Dork Geek Nerd

"Rational romantic mystic cynical idealist"

Monday, December 06, 2010

Libation

As I've just discovered, the risk with opening whisky that's been shelfbound for dusty ages is that the cork may have perished, causing the top half and its fancy plastic crown to break off in your grasp... and leaving the bottom wedged firmly in the neck of the bottle. Then, unless you're willing to employ the port tongs or cavalry sabre methods, you must screw out the remainder of the crumbling phellem with the kind of precision rarely seen outside the combined "Operation"/"Jenga" world championships. Otherwise, there's a danger of imbuing your spirit with woody notes of an unwanted variety. (Yes, these fragments can be removed via filtering, but what a hassle and grog will inevitably be wasted).

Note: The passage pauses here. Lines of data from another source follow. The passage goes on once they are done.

(* Let $\Gamma\subseteq\mathbb{Z}^d$ be a finite set. For every $n\ge2$ and $x\in\bar\Gamma$, $$\rho_n(\Phi_\Gamma(x))=\mathbb{E}^x\Big[\sum_{j=0}^{\tau-1}g_n(S_j)\Big],\qquad g_n(y)=\sum_{e\in\mathbb{Z}^d,|e|=1}\frac1{2d}\sum_{i=1}^n\frac{e^{\otimes i}}{i!}\otimes\rho_{n-i}(\Phi_\Gamma(y+e)),$$ and $\rho_0(\Phi_\Gamma(x))=1$, $\rho_1(\Phi_\Gamma(x))=0$ for every $x\in\bar\Gamma$.
   Context: Let $(S_k)_{k\ge0}$ be the simple random walk on $\mathbb{Z}^d$ started at $S_0=x$ (under $\mathbb{E}^x$), with i.i.d. increments uniformly distributed on the $2d$ unit vectors of $\mathbb{Z}^d$. $\partial\Gamma=\{y\in\mathbb{Z}^d\setminus\Gamma: |y-w|=1\text{ for some }w\in\Gamma\}$, $\bar\Gamma=\Gamma\cup\partial\Gamma$, $\tau=\min\{k\ge0:S_k\notin\Gamma\}$. $T((\mathbb{R}^d))$ is the algebra of formal tensor series $\mathbf a=(a_0,a_1,\dots)$, $a_n\in(\mathbb{R}^d)^{\otimes n}$, with $(\mathbf a\otimes\mathbf b)_n=\sum_{k=0}^na_k\otimes b_{n-k}$ and $\rho_n(\mathbf a)=a_n$; $\exp(v)=\sum_{i\ge0}v^{\otimes i}/i!$ for $v\in\mathbb{R}^d$. $\Phi_\Gamma(x)=\mathbb{E}^x[\exp(S_1-S_0)\otimes\cdots\otimes\exp(S_\tau-S_{\tau-1})]$ (coordinatewise; equal to $(1,0,0,\dots)$ if $\tau=0$), the expected signature of the piecewise linear random walk path stopped at $\tau$. *)

From Stdlib Require Import Reals ZArith Arith List Lia ClassicalEpsilon.
Import ListNotations.
Open Scope R_scope.

Definition lsum {A : Type} (f : A -> R) (l : list A) : R :=
  fold_right Rplus 0 (map f l).

(* value of a convergent series sum_{k>=0} u k (arbitrary if divergent) *)
Definition series_value (u : nat -> R) : R :=
  epsilon (inhabits 0) (fun l => infinite_sum u l).

Definition vadd (x y : list Z) : list Z :=
  map (fun p => (fst p + snd p)%Z) (combine x y).

(* the 2d unit vectors: k = 2i gives +e_i, k = 2i+1 gives -e_i (i < d) *)
Definition unitv (d k : nat) : list Z :=
  map (fun i => if Nat.eqb i (Nat.div k 2)
                then (if Nat.even k then 1%Z else (-1)%Z) else 0%Z) (seq 0 d).

Definition sqdist (x y : list Z) : Z :=
  fold_right Z.add 0%Z (map (fun p => ((fst p - snd p) * (fst p - snd p))%Z) (combine x y)).

Definition inG (G : list (list Z)) (y : list Z) : bool :=
  if in_dec (list_eq_dec Z.eq_dec) y G then true else false.

(* x in closure(Gamma) = Gamma ∪ ∂Gamma *)
Definition in_closure (G : list (list Z)) (x : list Z) : Prop :=
  In x G \/ (~ In x G /\ exists w, In w G /\ sqdist x w = 1%Z).

Fixpoint words (m k : nat) : list (list nat) :=
  match k with
  | O => [[]]
  | S k' => flat_map (fun a => map (cons a) (words m k')) (seq 0 m)
  end.

(* position S_j of the walk started at x with step choices s *)
Definition wpos (d : nat) (x : list Z) (s : list nat) (j : nat) : list Z :=
  fold_left vadd (map (unitv d) (firstn j s)) x.

(* the event {tau = length s}: S_0..S_{k-1} in Gamma, S_k not in Gamma *)
Definition exits_at (d : nat) (G : list (list Z)) (x : list Z) (s : list nat) : bool :=
  forallb (fun j => inG G (wpos d x s j)) (seq 0 (length s))
  && negb (inG G (wpos d x s (length s))).

(* E^x[F(S_0,...,S_tau)] = sum_k sum_{step words s of length k with tau = k} (2d)^{-k} F(s) *)
Definition expect (d : nat) (G : list (list Z)) (x : list Z) (F : list nat -> R) : R :=
  series_value (fun k =>
    lsum (fun s => if exits_at d G x s then (/ INR (2 * d)) ^ k * F s else 0)
         (words (2 * d) k)).

(* a tensor series is given by its coordinates: a w = coefficient of
   e_{w_1} ⊗ ... ⊗ e_{w_n} (w a word over {0..d-1}); rho_n a = restriction to words of length n *)
Definition tensor := list nat -> R.

Definition tunit : tensor := fun w => match w with [] => 1 | _ => 0 end.

Definition tmul (a b : tensor) : tensor :=
  fun w => lsum (fun k => a (firstn k w) * b (skipn k w)) (seq 0 (S (length w))).

(* exp(v) = sum_i v^{⊗ i}/i! *)
Definition texp (v : list Z) : tensor :=
  fun w => fold_right Rmult 1 (map (fun i => IZR (nth i v 0%Z)) w) / INR (fact (length w)).

(* signature exp(S_1-S_0) ⊗ ... ⊗ exp(S_k - S_{k-1}) of the piecewise linear path *)
Definition sig (d : nat) (s : list nat) : tensor :=
  fold_right (fun k acc => tmul (texp (unitv d k)) acc) tunit s.

Definition Phi (d : nat) (G : list (list Z)) (x : list Z) : tensor :=
  fun w => expect d G x (fun s => sig d s w).

(* g_n(y) = sum_{|e|=1} 1/(2d) sum_{i=1}^n e^{⊗ i}/i! ⊗ rho_{n-i}(Phi(y+e)),
   evaluated at a word w of length n *)
Definition gfun (d : nat) (G : list (list Z)) (n : nat) (y : list Z) : tensor :=
  fun w => lsum (fun k => / INR (2 * d) *
             lsum (fun i => texp (unitv d k) (firstn i w) *
                            Phi d G (vadd y (unitv d k)) (skipn i w)) (seq 1 n))
           (seq 0 (2 * d)).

Job done and brow mopped, simply replug the jug or transfer its contents to a decorative crystal decanter. Except you're fresh out of 1950s glassware, and neither of the plastic stoppers in the useful drawer fits snugly - probably because they are cheap rubbish, you tightwad. Your best defence against evaporation now seems to be creating a temporary seal using one of the unsatisfactory stoppers and some waterproof tape, then buying a bag of assorted corks on the morrow and hoping the angels don't imbibe more than their fair share.